Едва поджарое тело взвилось в воздух, Том нагнулся и подхватил из открытого ящика первое, что попалось ему под руку – фунтовую гранату на длинной ручке. Размахнувшись сплеча, как, бывало, в юности махал кувалдой, помогая в кузнице папаше Стоуну, он саданул что есть силы, метя волку по голове. Чугунный корпус пришелся мерзавцу пониже уха. Хруст показался Тому сладчайшей музыкой. Заиграй мистер Холмс сейчас на скрипке, и то бы он не доставил Тому столько удовольствия. Впрочем, радость оказалась краткой – мотнув башкой, волк зарычал и прыгнул снова.
На этот раз Том промахнулся. Туша зверя сбила его с ног, опрокинула навзничь. Граната вырвалась из пальцев, откатилась к ящикам. Смрадная пасть раскрылась над Томом, блестя клыками. В рычании волка пробивалось нечто членораздельное – смысл, от которого тряслись поджилки, а сердце замирало птахой в чужом кулаке. Тупые когти рванули грудь, оставляя кровавые полосы.
– Брысь! – повторил Том.
Приподнявшись навстречу ужасным клыкам, он мертвой хваткой вцепился волку в челюсти: правой – в нижнюю, левой – в верхнюю. Рычание превратилось в хрип. Том поднатужился. Руки грузчика, привычные к мешкам, бочкам и железнодорожным шпалам, превратились в адские механизмы, собранные из мышц, костей и сухожилий. Том тянул и тянул, не замечая, что волчья пасть становится похожей на змеиную – так широко, так противоестественно она распахнулась. Тело зверя билось в конвульсиях. Том стряхнул его с себя, в свою очередь навалился сверху, прижал к брусчатке, не прекращая тянуть что есть мочи.
Ему не хотелось думать, кто бьется под ним в агонии. Волк менялся, шерсть втягивалась в шкуру, шкура делалась кожей; сопротивление ослабевало, и Том пользовался этой милостью Господней, как мог. Что-то чмокнуло и закряхтело. Волк, больше не похожий ни на волка, ни на глыбу угля, ни даже на приличного мертвеца, достойного погребения на кладбище, вытянулся во всю длину, слабо мерцая в темноте белой кожей.
– Скотина, – буркнул Том.
И встал, держа в руке оторванную челюсть.
В случае чего, подумал молодой Рэдклиф, пригодится. Как дам кому-нибудь…
Патроны кончились.
Уронив бесполезный револьвер, доктор Ватсон следил, как пара шутов приближается к нему. Шуты были точной копией тех негодяев, которые покушались на малютку Дженни: мужчина и женщина в мантиях и чудны́х шляпах. Хорошо, сказал себе доктор, что Дженни здесь нет. И поправился: нет, плохо. Будь здесь Дженни, можно было бы рассчитывать на улыбку фортуны.
А так…
– Корифламус! – женщина взмахнула палочкой.
Паралич, оценил доктор. Частичный паралич, как после апоплексического удара. Отнялась правая половина тела – не до конца, но в достаточной мере, чтобы с трудом держаться на ногах. Левой рукой Ватсон взялся за сердце, плохо сознавая, зачем он это делает. Пальцы нащупали холодный эбонит. Покидая сад викария, доктор прихватил с собой палочку злодея, убитого скворечником. Сунул за пояс, желая изучить на досуге, и зря – досуга, похоже, больше не предвиделось, разве что в могиле.

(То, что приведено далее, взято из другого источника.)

Section Generators.
Variable R : rcfType.
Local Notation H3 := (gen (@gens_H3_iota R)).

Lemma row_unit (a : 'rV[R]_4) : \sum_j a 0 j ^+ 2 = 1 -> a *m a^T = 1%:M.
Proof.
by move=> a1; rewrite [LHS]mx11_scalar mxE -a1; congr (_%:M); apply: eq_bigr => j _;
  rewrite mxE expr2.
Qed.

Lemma sqr_sgnb b : sgnb R b ^+ 2 = 1.
Proof. by case: b; rewrite /sgnb ?sqrrN expr1n. Qed.

Lemma Delta_gen_unit (t t' : R) (a : 'rV[R]_4) :
  t ^+ 2 + t' ^+ 2 = 3 -> Delta_gen t t' a -> a *m a^T = 1%:M.
Proof.
move=> tt' [[i [b ->]] | [[f ->] | [s [b1 [b2 [b3 [_ ->]]]]]]]; apply: row_unit.
- rewrite (bigD1 i) //= big1 => [|j /negbTE ji]; rewrite !mxE ?ji ?mulr0 ?expr0n //.
  by rewrite !eqxx mulr1 sqr_sgnb addr0.
- rewrite (eq_bigr (fun _ => 1 / 2 ^+ 2)) => [|j _]; last by rewrite !mxE expr_div_n sqr_sgnb.
  by rewrite sumr_const card_ord -mulr_natr; field.
- rewrite (eq_bigr (fun j => base_vec t t' b1 b2 b3 0 (s j) ^+ 2)) => [|j _]; last by rewrite mxE.
  transitivity (\sum_j base_vec t t' b1 b2 b3 0 j ^+ 2); first by rewrite [RHS](reindex_perm s).
  rewrite !big_ord_recl big_ord0 !mxE /= !expr_div_n !exprMn !sqr_sgnb !mul1r.
  have -> : t ^+ 2 = 3 - t' ^+ 2 by rewrite -tt' addrK.
  by rewrite expr0n /=; field.
Qed.

Lemma Delta_gen_ztd (t t' : R) (a : 'rV[R]_4) :
  ztd t -> ztd t' -> Delta_gen t t' a -> forall j, ztd (a 0 j).
Proof.
move=> zt zt' [[i [b ->]] | [[f ->] | [s [b1 [b2 [b3 [_ ->]]]]]]] j; rewrite !mxE.
- by apply: ztdM; [exact: ztd_sgnb | exact: ztd_nat].
- by apply: ztdM; [exact: ztd_sgnb | exact: ztd_half].
case: (val (s j)) => [|[|[|n]]];
  by repeat first [apply: ztdM | exact: ztd_sgnb | exact: ztd_half | exact: ztd_nat 0].
Qed.

Lemma orth_ztd_gens_Hinf (g : 'M[R]_4) : gens_Hinf_iota g -> orth_ztd g.
Proof.
case=> [[a [Da ->]]|->]; last exact: orth_ztd_iota.
case: Da => Da; apply: orth_ztd_refl.
- by apply: (Delta_gen_unit _ Da); exact: sqr_tau_add_sqr_tau'.
- by apply: (Delta_gen_ztd _ _ Da); [exact: ztd_tau | exact: ztd_tau'].
- by apply: (Delta_gen_unit _ Da); rewrite addrC; exact: sqr_tau_add_sqr_tau'.
- by apply: (Delta_gen_ztd _ _ Da); [exact: ztd_tau' | exact: ztd_tau].
Qed.

Lemma gens_H3_Hinf (g : 'M[R]_4) : gens_H3_iota g -> gens_Hinf_iota g.
Proof. by case=> [[a [[[Da _]|[Da _]] ->]]|->]; [left; exists a; auto..|right]. Qed.

Lemma H3_fix_e1 (g : 'M[R]_4) : H3 g -> e1 R *m g = e1 R.
Proof.
suff gens_fix s : gens_H3_iota s -> s \in unitmx /\ e1 R *m s = e1 R.
  by move=> gg; have [] := gen_fix gens_fix gg.
move=> gs; split.
  by have [ss _] := orth_ztd_gens_Hinf (gens_H3_Hinf gs); exact: orth_unitmx.
case: gs => [[a [aV ->]]|->].
  by apply: refl_fix; rewrite -rowE !mxE; case: aV => -[].
by rewrite /e1 /iota_mx delta_perm tpermD // -val_eqE /= inordK.
Qed.

Lemma ztR_sgnz b : ztR R (sgnz b, 0) = sgnb R b.
Proof. by case: b; rewrite /ztR /sgnb /=; ring. Qed.

Lemma ztR_sgnz_tau b : ztR R (0, sgnz b) = sgnb R b * tau R.
Proof. by case: b; rewrite /ztR /sgnb /=; ring. Qed.

Lemma ztR_sgnz_tau' b : ztR R (sgnz b, - sgnz b) = sgnb R b * tau' R.
Proof. by case: b; rewrite /ztR /sgnb /= tau'E; ring. Qed.

Lemma root_D_Delta b : Delta (vecZ R 1 (root_D b)) /\ inV (vecZ R 1 (root_D b)).
Proof.
split; last by rewrite /inV mxE /= mul0r.
right; right; exists 1%g, b.1.1, b.1.2, b.2; split; first by rewrite odd_perm1.
apply/rowP => j; rewrite !mxE perm1 expr1.
by case: j => -[|[|[|[|j]]]] lt_j4 //=; rewrite ?ztR_sgnz ?ztR_sgnz_tau ?ztR_sgnz_tau'.
Qed.

Lemma root_D'_Delta' b : Delta' (vecZ R 1 (root_D' b)) /\ inV (vecZ R 1 (root_D' b)).
Proof.
split; last by rewrite /inV mxE /= mul0r.
right; right; exists 1%g, b.1.1, b.1.2, b.2; split; first by rewrite odd_perm1.
apply/rowP => j; rewrite !mxE perm1 expr1.
by case: j => -[|[|[|[|j]]]] lt_j4 //=; rewrite ?ztR_sgnz ?ztR_sgnz_tau ?ztR_sgnz_tau'.
Qed.

Lemma H3_refl_root b : b \in roots_V -> H3 (refl (vecZ R 1 b)).
Proof.
rewrite mem_cat => /orP[] /mapP [c _ ->]; apply: gen_gen; left.
  by exists (vecZ R 1 (root_D c)); split => //; left; apply: root_D_Delta.
by exists (vecZ R 1 (root_D' c)); split => //; right; apply: root_D'_Delta'.
Qed.

Lemma vecZ_root_unit b : b \in roots_V -> vecZ R 1 b *m (vecZ R 1 b)^T = 1%:M.
Proof.
move=> /dot3_roots_V bb; rewrite vecZ_dot bb /ztR /= mul0r addr0 expr1.
have -> : 4%:~R = 2 * 2 :> R by rewrite pmulrn -natrM.
by rewrite divff // mulf_neq0 ?two_neq0.
Qed.

Lemma H3_refl_delta (j : 'I_4) : j != 0 -> H3 (refl (delta_mx 0 j)).
Proof.
move=> j_neq0; apply: gen_gen; left; exists (delta_mx 0 j); split => //; left; split.
  by left; exists j, false; rewrite /sgnb scale1r.
by rewrite /inV mxE eq_sym (negbTE j_neq0) andbF.
Qed.

Lemma H3_iota : H3 (iota_mx R).
Proof. by apply: gen_gen; right. Qed.

Lemma delta3_iota : delta_mx 0 (inord 3) *m iota_mx R = delta_mx 0 (inord 2) :> 'rV[R]_4.
Proof. by rewrite delta_perm tpermR. Qed.

Definition rot32 : 'M[R]_4 :=
  refl (vecZ R 1 (root_D (false, true, false))) *m
  refl (vecZ R 1 (root_D (false, false, false))) *m
  refl (vecZ R 1 (root_D (false, false, true))).

Lemma H3_rot32 : H3 rot32.
Proof. by apply: gen_mul; first apply: gen_mul; apply: H3_refl_root. Qed.

Lemma delta2_rot32 : delta_mx 0 (inord 2) *m rot32 = delta_mx 0 1 :> 'rV[R]_4.
Proof.
have e1E : delta_mx 0 1 = vecZ R 0 ((1, 0), (0, 0), (0, 0)).
  rewrite -[RHS]/(vecZ R 0 (basis3 ord0 (sgnz false))) vecZ0_basis3 scale1r.
  by congr delta_mx; apply: val_inj.
have e2E : delta_mx 0 (inord 2) = vecZ R 0 ((0, 0), (1, 0), (0, 0)).
  rewrite -[RHS]/(vecZ R 0 (basis3 (lift ord0 ord0) (sgnz false))) vecZ0_basis3 scale1r.
  by congr delta_mx; apply: val_inj; rewrite /= inordK.
rewrite e2E e1E /rot32 !mulmxA !vecZ_refl.
rewrite (_ : refl3 _ (refl3 _ (refl3 _ _)) = scale3 2 (scale3 2 (scale3 2 ((1,0),(0,0),(0,0))))) //.
by rewrite !vecZ_scale2.
Qed.

End Generators.

(** * Moving unit vectors onto the standard basis *)

Section Stabilizer.
Variable R : rcfType.
Local Notation H3 := (gen (@gens_H3_iota R)).
Local Notation e_ i := (delta_mx 0 i : 'rV[R]_4).

Definition fixes_below (k : nat) (s : 'M[R]_4) : Prop :=
  forall i : 'I_4, (i < k)%N -> e_ i *m s = e_ i.

Lemma fixes_belowM k s t : fixes_below k s -> fixes_below k t -> fixes_below k (s *m t).
Proof. by move=> fs ft i ik; rewrite mulmxA fs ?ft. Qed.

Lemma H3_fixes_below1 s : H3 s -> fixes_below 1 s.
Proof.
move=> Hs i; rewrite ltnS leqn0 => /eqP i0.
by rewrite (_ : i = 0) ?H3_fix_e1 //; apply: val_inj.
Qed.

Lemma basis_move (j k : nat) : (0 < k <= j)%N -> (j < 4)%N ->
  exists s, [/\ H3 s, fixes_below k s & e_ (inord j) *m s = e_ (inord k)].
Proof.
have stay : exists s, [/\ H3 s, fixes_below k s & e_ (inord k) *m s = e_ (inord k)].
  by exists 1%:M; split; [exact: gen_one | move=> i _ |]; rewrite mulmx1.
have iota_fix2 : fixes_below 2 (iota_mx R).
  move=> i i2; rewrite delta_perm tpermD // -val_eqE /= inordK //; lia.
case: k stay => // -[|[|[|//]]] stay; case: j => [|[|[|[|//]]]] // _ _; try exact: stay.
- exists (rot32 R); split; [exact: H3_rot32 | exact: H3_fixes_below1 (H3_rot32 R) |].
  by rewrite delta2_rot32; congr delta_mx; apply: val_inj; rewrite /= inordK.
- exists (iota_mx R *m rot32 R); split.
  + by apply: gen_mul; [exact: H3_iota | exact: H3_rot32].
  + by apply: H3_fixes_below1; apply: gen_mul; [exact: H3_iota | exact: H3_rot32].
  by rewrite mulmxA delta3_iota delta2_rot32; congr delta_mx; apply: val_inj; rewrite /= inordK.
- by exists (iota_mx R); split; [exact: H3_iota | exact: iota_fix2 | exact: delta3_iota].
Qed.

Definition signed_basis (k : nat) (v : 'rV[R]_4) : Prop :=
  exists b (j : 'I_4), (k <= j)%N /\ v = sgnb R b *: e_ j.

Lemma sgnb_neq0 b : sgnb R b != 0.
Proof. by case: b; rewrite /sgnb ?oppr_eq0 oner_eq0. Qed.

Lemma signed_basis_zeros k k' v : signed_basis k v ->
  (forall i : 'I_4, (i < k')%N -> v 0 i = 0) -> signed_basis k' v.
Proof.
move=> [b [j [kj ->]]] v0; exists b, j; split => //; rewrite leqNgt; apply/negP.
by move=> /v0 /eqP; rewrite !mxE !eqxx mulr1 (negbTE (sgnb_neq0 b)).
Qed.

Lemma signed_basis_move k v : (0 < k < 4)%N -> signed_basis k v ->
  exists s, [/\ H3 s, fixes_below k s & v *m s = e_ (inord k)].
Proof.
move=> /andP[k0 k4] [b [j [kj ->]]].
have j0 : j != 0 by rewrite -lt0n (leq_trans k0).
have [s [Hs fix_s js]] := basis_move (introT andP (conj k0 kj)) (ltn_ord j).
have ej : e_ j *m (e_ j)^T = 1%:M by rewrite delta_dot eqxx.
exists ((if b then refl (e_ j) else 1%:M) *m s); split.
- by apply: gen_mul => //; case: b; [exact: H3_refl_delta | exact: gen_one].
- apply: fixes_belowM => // i ik; case: b; rewrite ?mulmx1 //.
  by apply: refl_fix; rewrite delta_dot mxE; case: eqP => // ij; move: ik; rewrite ij ltnNge kj.
- rewrite mulmxA -scalemxAl -js inord_val.
  by case: b; rewrite /sgnb ?mulmx1 ?scale1r // refl_self // scaleN1r opprK.
Qed.

Lemma vecZ0_signed_basis u : dot3 u u = (1, 0) -> signed_basis 1 (vecZ R 0 u).
Proof. by case/dot3_eq1 => j [b ->]; exists b, (lift ord0 j); rewrite vecZ0_basis3. Qed.

Lemma descent k u : vecZ R k u *m (vecZ R k u)^T = 1%:M ->
  exists s, H3 s /\ signed_basis 1 (vecZ R k u *m s).
Proof.
elim: k u => [|k IH] u uu.
  exists 1%:M; split; first exact: gen_one.
  by rewrite mulmx1; apply: vecZ0_signed_basis; rewrite (vecZ_unit_dot3 uu) expr0.
have [[w uw] | [b b_root [w bu]]] := descent_step (vecZ_unit_dot3 uu).
  by rewrite uw vecZ_scale2 in uu *; apply: IH.
have ub : vecZ R k.+1 u *m refl (vecZ R 1 b) = vecZ R k w.
  by rewrite vecZ_refl bu (scale3M 2 2) !vecZ_scale2.
have [|s [Hs sb]] := IH w.
  by rewrite -ub unit_mul_orth // refl_orth // vecZ_root_unit.
exists (refl (vecZ R 1 b) *m s); split; last by rewrite mulmxA ub.
by apply: gen_mul => //; apply: H3_refl_root.
Qed.

Lemma descent_first0 k u : u.1.1 = (0, 0) -> vecZ R k u *m (vecZ R k u)^T = 1%:M ->
  signed_basis 2 (vecZ R k u).
Proof.
elim: k u => [|k IH] u u0 uu.
  apply: (signed_basis_zeros (vecZ0_signed_basis _)); first by rewrite (vecZ_unit_dot3 uu).
  move=> i; rewrite mxE; case: i => -[|[|//]] ? _ /=; rewrite ?mul0r //.
  by rewrite u0 /ztR /= mul0r addr0 mul0r.
have [w uw w0] := descent_step_first0 u0 (vecZ_unit_dot3 uu).
by rewrite uw vecZ_scale2 in uu *; apply: IH.
Qed.

Lemma orth_ztd_H3 s : H3 s -> orth_ztd s.
Proof. by apply: orth_ztd_gen => t /gens_H3_Hinf; exact: orth_ztd_gens_Hinf. Qed.

Lemma move_to_basis k (v : 'rV[R]_4) : (0 < k < 4)%N ->
  v *m v^T = 1%:M -> (forall j, ztd (v 0 j)) -> (forall i : 'I_4, (i < k)%N -> v 0 i = 0) ->
  exists s, [/\ H3 s, fixes_below k s & v *m s = e_ (inord k)].
Proof.
move=> k_range vv ztd_v v0; have /andP[k0 _] := k_range.
have [m [u vE]] := ztd_vecZ (v0 0 k0) ztd_v; rewrite {}vE in vv v0 *.
have [k_gt1 | k_le1] := ltnP 1 k.
  apply: signed_basis_move => //; apply: (signed_basis_zeros _ v0).
  apply: descent_first0 vv; apply: (@ztR_eq0 R).
  have /eqP := v0 1 k_gt1; rewrite mxE /= mulf_eq0 invr_eq0 (negbTE (two_exp_neq0 R m)) orbF.
  by move/eqP.
have k1 : k = 1%N by apply/eqP; rewrite eqn_leq k_le1 k0.
subst k; have [s1 [Hs1 s1b]] := descent vv.
have [s2 [Hs2 _ s2e]] := signed_basis_move k_range s1b.
have Hs : H3 (s1 *m s2) by exact: gen_mul.
by exists (s1 *m s2); split; [| exact: H3_fixes_below1 | rewrite mulmxA].
Qed.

Кончик палочки мерцал, как болотный огонек.
– Инсультус, – выдохнул Ватсон.
Он имел в виду свое состояние, а потому изумился, увидев, какой эффект произвела латынь. Болотный огонь превратился в разряд молнии. Треща, бело-синий зигзаг ринулся к женщине, тщетно пытавшейся избежать прямого контакта со взбесившимся электричеством.
– Абарга грумио! – истошно закричала она.

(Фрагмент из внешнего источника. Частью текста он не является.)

(* Let $n\ge1$ and $D_n^{(\mathsf{cyc},\mathsf{exc})}(q,t)=\sum_{\sigma\in\mathfrak{D}_n}q^{\mathsf{cyc}\,\sigma}t^{\mathsf{exc}\,\sigma}$. Then $$D_{n}^{(\mathsf{cyc}, \mathsf{exc})}(q, t)=\left(\frac{1+xt}{1+x}\right)^{n}P^{(\mathsf{cyc}, \mathsf{cpk},\mathsf{exc})}\left(\mathfrak{D}_n; q, \frac{(1+x)^{2}t}{(x+t)(1+xt)},\frac{x+t}{1+xt}\right),$$ equivalently, $$P^{(\mathsf{cyc}, \mathsf{cpk},\mathsf{exc})}(\mathfrak{D}_n; q, x,t)=\left(\frac{1+u}{1+uv}\right)^{n}D_{n}^{(\mathsf{cyc}, \mathsf{exc})}(q, v),$$ where $u=\frac{1+t^{2}-2xt-(1-t)\sqrt{(1+t)^{2}-4xt}}{2(1-x)t}$ and $v=\frac{(1+t)^{2}-2xt-(1+t)\sqrt{(1+t)^{2}-4xt}}{2xt}$.
   Context: $\mathfrak{D}_n$ is the set of derangements of $[n]$ (permutations with no fixed point). $P^{(\mathsf{stat}_1,\ldots,\mathsf{stat}_m)}(\Omega;t_1,\ldots,t_m)=\sum_{\sigma\in\Omega}\prod_j t_j^{\mathsf{stat}_j\sigma}$. For a permutation $\sigma$: $\mathsf{cyc}\,\sigma$ is its number of cycles, $\mathsf{exc}\,\sigma=\#\{i:\sigma(i)>i\}$, and $\mathsf{cpk}\,\sigma$ is the number of cyclic peaks, i.e. values $x$ with $\sigma^{-1}(x)<x>\sigma(x)$. *)

From HB Require Import structures.
From mathcomp Require Import all_boot all_order all_algebra all_fingroup.
Set Implicit Arguments. Unset Strict Implicit. Unset Printing Implicit Defensive.
Import Order.TTheory GRing.Theory Num.Theory.

(* Permutations of [n] are modelled by 'S_n = {perm 'I_n}; the shift
   {1..n} -> {0..n-1} does not affect any of the statistics below. *)

Definition derangement n (s : 'S_n) : bool := [forall i, s i != i].

Definition cyc n (s : 'S_n) : nat := #|porbits s|.

Definition exc n (s : 'S_n) : nat := #|[set i : 'I_n | i < s i]|.

Definition cpk n (s : 'S_n) : nat :=
  #|[set x : 'I_n | ((s^-1)%g x < x) && (s x < x)]|.

Local Open Scope ring_scope.

Definition D_cyc_exc (R : comNzRingType) (n : nat) (q t : R) : R :=
  \sum_(s : 'S_n | derangement s) q ^+ cyc s * t ^+ exc s.

Definition P_cyc_cpk_exc (R : comNzRingType) (n : nat) (q x t : R) : R :=
  \sum_(s : 'S_n | derangement s) q ^+ cyc s * x ^+ cpk s * t ^+ exc s.

From mathcomp Require Import all_boot all_order all_algebra all_fingroup.
From mathcomp Require Import zify ring.
Set Implicit Arguments. Unset Strict Implicit. Unset Printing Implicit Defensive.
Import Order.TTheory GRing.Theory Num.Theory.

(* Cyclic valley hopping.  Classify each value z of a permutation s by
   (s^-1 z < z, s z < z): cyclic peak, valley, double ascent or double descent.
   For each z, moving z to another place of its own cycle gives an involution
   [hop _ z] exchanging "z is a double descent" and "z is a double ascent" and
   preserving derangements, cycles and the type of every other value.  Hence,
   in a sum over derangements of q^cyc times a product of local weights of the
   types, double descents may be given weight 0 and double ascents the sum of
   both weights.  After this merging, the local weights of (cyc, exc) at t and
   of (cyc, cpk, exc) at the transformed point agree up to a factor
   (1 + x t)/(1 + x) per value and a power of b = (1 + x) t/(x + t) counting
   the true bits of the type, and these bits add up to n in a derangement.
   The second identity is the first one at (x, t) := (u, v), because
   u + v = t (1 + u v) and (1 + u)^2 v = x t (1 + u v)^2. *)

Lemma find_iota0 (a : pred nat) N k :
  k < N -> a k -> (forall i, i < k -> ~~ a i) -> find a (iota 0 N) = k.
Proof.
move=> kN ak before_k.
rewrite (_ : N = k + (N - k.+1).+1); last by lia.
rewrite iotaD find_cat size_iota /= add0n ak addn0 ifN //.
by apply/hasPn => i; rewrite mem_iota add0n => /before_k.
Qed.

Lemma ord_ltn_eqF n (z w : 'I_n) : z < w -> (z == w) = false.
Proof. by rewrite -val_eqE; apply: ltn_eqF. Qed.

Lemma ord_gtn_eqF n (z w : 'I_n) : z < w -> (w == z) = false.
Proof. by rewrite -val_eqE; apply: gtn_eqF. Qed.

Lemma iter_perm_inj (T : finType) (s : {perm T}) k : injective (iter k s).
Proof. by move=> a b; rewrite -!permX; apply: perm_inj. Qed.

Lemma mem_porbit1 (T : finType) (s : {perm T}) x : s x \in porbit s x.
Proof. by have := mem_porbit s 1 x; rewrite expg1. Qed.

Lemma porbit_subset (T : finType) (s r : {perm T}) :
  (forall x, r x \in porbit s x) -> forall x, porbit r x \subset porbit s x.
Proof.
move=> r_s x; apply/subsetP => y /porbitP [i ->].
elim: i => [|i IH]; first by rewrite expg0 perm1 porbit_id.
rewrite expgSr permM.
by have /eqP <- : porbit s ((r ^+ i)%g x) == porbit s x by rewrite eq_porbit_mem.
Qed.

Lemma porbits_eq_mem (T : finType) (s r : {perm T}) :
  (forall x, r x \in porbit s x) -> (forall x, s x \in porbit r x) ->
  porbits r = porbits s.
Proof.
move=> r_s s_r; apply: eq_imset => x.
by apply/eqP; rewrite eqEsubset !porbit_subset.
Qed.

(** * Cyclic valley hopping *)

Section CyclicHop.
Variable n : nat.
Implicit Types (s : 'S_n) (z w : 'I_n).

(* (true, true): cyclic peak, (false, false): cyclic valley,
   (true, false): double ascent, (false, true): double descent. *)
Definition ctype s w := (((s^-1)%g w < w), (s w < w)).
Definition cdd s z := (z < (s^-1)%g z) && (s z < z).
Definition cda s z := ((s^-1)%g z < z) && (z < s z).

(* For a double descent z, the values s z, ..., s^m z with m = run_len s z
   are the maximal run below z that follows z in its cycle. *)
Definition run_len s z := find (fun j => z <= iter j.+1 s z) (iota 0 n).
Definition run_end s z := iter (run_len s z) s z.

(* Cut z out from between s^-1 z and s z and reinsert it after run_end s z,
   where it becomes a double ascent. *)
Definition hop_dd s z := (tperm z (run_end s z) * tperm ((s^-1)%g z) z * s)%g.
Definition hop s z :=
  if cdd s z then hop_dd s z
  else if cda s z then ((hop_dd (s^-1)%g z)^-1)%g else s.

Lemma cdd_inv s z : cdd (s^-1)%g z = cda s z.
Proof. by rewrite /cdd /cda invgK andbC. Qed.

Lemma cda_cdd_excl s z : cda s z -> ~~ cdd s z.
Proof. by case/andP=> h1 h2; apply/negP=> /andP[]; lia. Qed.

Lemma ctype_cdd s z : (ctype s z == (false, true)) = cdd s z.
Proof.
rewrite /ctype /cdd; apply/eqP/andP => [[/negbT h1 h2]|[h1 h2]]; last first.
  by rewrite h2 ltnNge ltnW.
split=> //; rewrite ltn_neqAle leqNgt h1 andbT.
apply: contraTneq h2 => /val_inj/(congr1 s); rewrite permKV => ->.
by rewrite ltnn.
Qed.

Lemma ctype_cda s z : (ctype s z == (true, false)) = cda s z.
Proof.
by rewrite -cdd_inv -ctype_cdd /ctype invgK; case: (_ < _) (_ < _) => [] [].
Qed.

Section DoubleDescent.
Variables (s : 'S_n) (z : 'I_n).
Hypothesis dd : cdd s z.

Lemma run_len_spec :
  [/\ 0 < run_len s z, run_len s z < n,
      forall j, 0 < j <= run_len s z -> iter j s z < z &
      z < iter (run_len s z).+1 s z].
Proof.
case/andP: dd => zVs sz.
set a := fun j => z <= iter j.+1 s z.
have has_a : has a (iota 0 n).
  apply/hasP; exists #|porbit s z|.-1.
    rewrite mem_iota add0n /=.
    have := max_card (mem (porbit s z)); rewrite card_ord.
    have := card_porbit_neq0 s z; case: #|_| => //= k _ hk; lia.
  by rewrite /a prednK ?lt0n ?card_porbit_neq0 // iter_porbit.
have lt_n : run_len s z < n by move: has_a; rewrite has_find size_iota.
have a_len := nth_find 0 has_a; rewrite nth_iota // add0n /a in a_len.
have below : forall j, 0 < j <= run_len s z -> iter j s z < z.
  move=> [|j] // /andP[_ hj].
  have := before_find 0 hj; rewrite nth_iota ?add0n; last by lia.
  by rewrite /a ltnNge => ->.
have len_gt0 : 0 < run_len s z.
  by move: a_len; rewrite /run_len; case: find => //=; lia.
split=> //; rewrite ltn_neqAle a_len andbT.
apply: contraTneq zVs => /val_inj e.
suff <- : iter (run_len s z) s z = (s^-1)%g z.
  by rewrite -leqNgt ltnW // below // len_gt0 leqnn.
by apply: (@perm_inj _ s); rewrite permKV -iterS -e.
Qed.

Миновав женщину, молния шарахнула по ее напарнику. Не издав и звука, тот рухнул ничком. Воняло паленой щетиной, тело человека содрогалось, словно в припадке падучей.
– Эпилептос, – вынес диагноз Ватсон. – Абсанс!
Греческий, равно как французский, тоже пришелся кстати. А может, сочетание языков только усилило плохо понятное действие. Эбонит ожил, налился теплотой. Мужчина, сраженный молнией, задергался сильнее. Из его палочки, шипя по-змеиному, вырвалась струя пара – и настигла женщину. Завопив, схватившись за лицо, наемная убийца кинулась прочь. Напарник, справившись с приступом, заковылял следом. На мостовой остались две шляпы, словно после карнавала. Паралич начал проходить; Ватсон чувствовал, как плечо, бок и бедро немилосердно колет тысячей серебряных иголочек. Борясь с онемением мышц, он ухватил первое, что подвернулось под правую руку, и швырнул вдогонку беглецам. Предмет оказался тяжелым, замахнуться доктор не сумел и бросил чертову штуковину, как девчонка, снизу вверх по пологой дуге.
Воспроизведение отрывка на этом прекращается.